YAKKETY SAX: BEE-DAH-BAH-DAH BEE-DAH-BAH-DAH

LOW BUTTERY SMOOTH VOICE: COM-PA-NY MAN

YAKKETY SAX: BEE-DAH-BAH-DAH BEE-DAH-BAH-DAH

LOW BUTTERY SMOOTH VOICE: COM-PA-NY MAN

YAKKETY SAX: BEE-DAH-BAH-DAH BEE-DAH-BAH-DAH

(Different melody)

BEE-DAH-BAH-DAH BEE-DAH-BAH-DAH

BEE-DAH-BAH-DAH BEE-DAH-BAH-DAH

LOW BUTTERY SMOOTH VOICE: COM-PA-NY MAAAAAN……yeah.

As luck would have it, NBC cut the project off after the second draft. A pilot episode was never produced.

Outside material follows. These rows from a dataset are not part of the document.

Lemma net_changeP u a b f : c1 u f != c2 a b f -> [\/ f = u, f = a | f = b].
Proof.
rewrite c1E c2E; case: (eqVneq f u) => [->|_]; first by constructor 1.
case: (eqVneq f a) => [->|_]; first by constructor 2.
by case: (eqVneq f b) => [->|_]; first by constructor 3.
Qed.

Lemma intermediate_neq u s : is_intermediate N u -> ~~ is_intermediate N s -> u != s.
Proof. by move=> hu; apply: contraNneq => <-. Qed.

Lemma ints_intermediate c u : c \in N -> u \in ints c -> is_intermediate N u.
Proof. by move=> cN h; apply/flattenP; exists (ints c) => //; apply: map_f. Qed.

Lemma ints_comp c c' u : c \in N -> c' \in N -> u \in ints c -> u \in ints c' -> c = c'.
Proof. by case: hH1 => _ uI _ _ _; apply: uniq_flatten_mem_eq uI. Qed.

Lemma enz_nonint c : c \in N -> ~~ is_intermediate N (enz c).
Proof.
case: hH1 => _ _ hI _ _ cN; apply/negP => /(hI c _ cN).
by rewrite inE eqxx.
Qed.

Lemma subs_nonint c s : c \in N -> s \in subs c -> ~~ is_intermediate N s.
Proof.
case: hH1 => _ _ hI _ _ cN sc; apply/negP => /(hI c _ cN).
by rewrite inE sc orbT.
Qed.

Lemma enz_neq_subs c s : c \in N -> s \in subs c -> enz c != s.
Proof.
case: hH1 => hc _ _ _ _ cN sc; case: (hc c cN) => _ _ /= /andP [nin _].
by apply: contraNneq nin => ->.
Qed.

Lemma enz_subs_comp c c' s s' : c \in N -> c' \in N -> s \in subs c -> s' \in subs c' ->
  c2 (enz c) s = c2 (enz c') s' -> c = c'.
Proof.
case: hH1 => _ _ _ uC _ cN cN' sc sc' e.
apply: (uniq_flatten_mem_eq uC cN cN' (x := c2 (enz c) s)); last rewrite e;
  by rewrite mem_cat; apply/orP; left; apply: map_f.
Qed.

Lemma reactionP rho : rho \in reactions N -> exists c u s, [/\ c \in N, u \in ints c, s \in subs c &
  (rho = (c2 (enz c) s, c1 u) /\ (c1 u, c2 (enz c) s) \in reactions N) \/
   rho = (c1 u, c2 (enz c) s)].
Proof.
move/flattenP => [rs /mapP [c cN ->]] /flattenP [l /mapP [j jI el] hrho].
move: jI; rewrite mem_iota add0n => /andP [_ jl].
have inR rho' : rho' \in l -> rho' \in reactions N.
  move=> h; apply/flattenP; exists (comp_reactions c); first exact: map_f.
  by apply/flattenP; exists l => //; apply/mapP; exists j; rewrite ?mem_iota ?add0n.
have uc : int_ c j \in ints c by rewrite mem_nth.
have sub_mem k : (k <= size (ints c))%N -> sub_ c k \in subs c.
  by case: hH1 => hc _ _ _ _ kl; case: (hc c cN) => _ hs _; rewrite mem_nth // hs.
move: hrho; rewrite el !inE => /or3P [/eqP ->|/eqP ->|/eqP ->].
- exists c, (int_ c j), (sub_ c j); split; rewrite ?sub_mem 1?ltnW //; left; split => //.
  by apply: inR; rewrite el !inE eqxx orbT.
- by exists c, (int_ c j), (sub_ c j); split; rewrite ?sub_mem 1?ltnW //; right.
- by exists c, (int_ c j), (sub_ c j.+1); split; rewrite ?sub_mem //; right.
Qed.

I knew the project was in trouble the minute I sat down for my “script notes” session with the NBC executive. The first thing he said, was,

“Did you enjoy writing it?”

Any writer who’s been through this experience I am certain will agree. You hear that question, and your show is unquestionably is dead. The only reason for bringing it up is to make the executive feel better about shooting the project down. “Sure, we destroyed his hopes and dreams. But at least he enjoyed writing it.”

I came up with a couple of other series ideas under my Paramount deal, including one that, in many ways, was the most original, half-hour script I have ever written.

But that’s for another reading.

I leave you today, hopefully humming…

COM-PA-NY MAN

…yeah.

2 comments:

Brian Scully said...

Great, now I'm going to have that tune stuck in my head all weekend... or until I hear the TV theme from "It's About Time"

emily said...

Okay, Earl. We’ll listen to you about everything.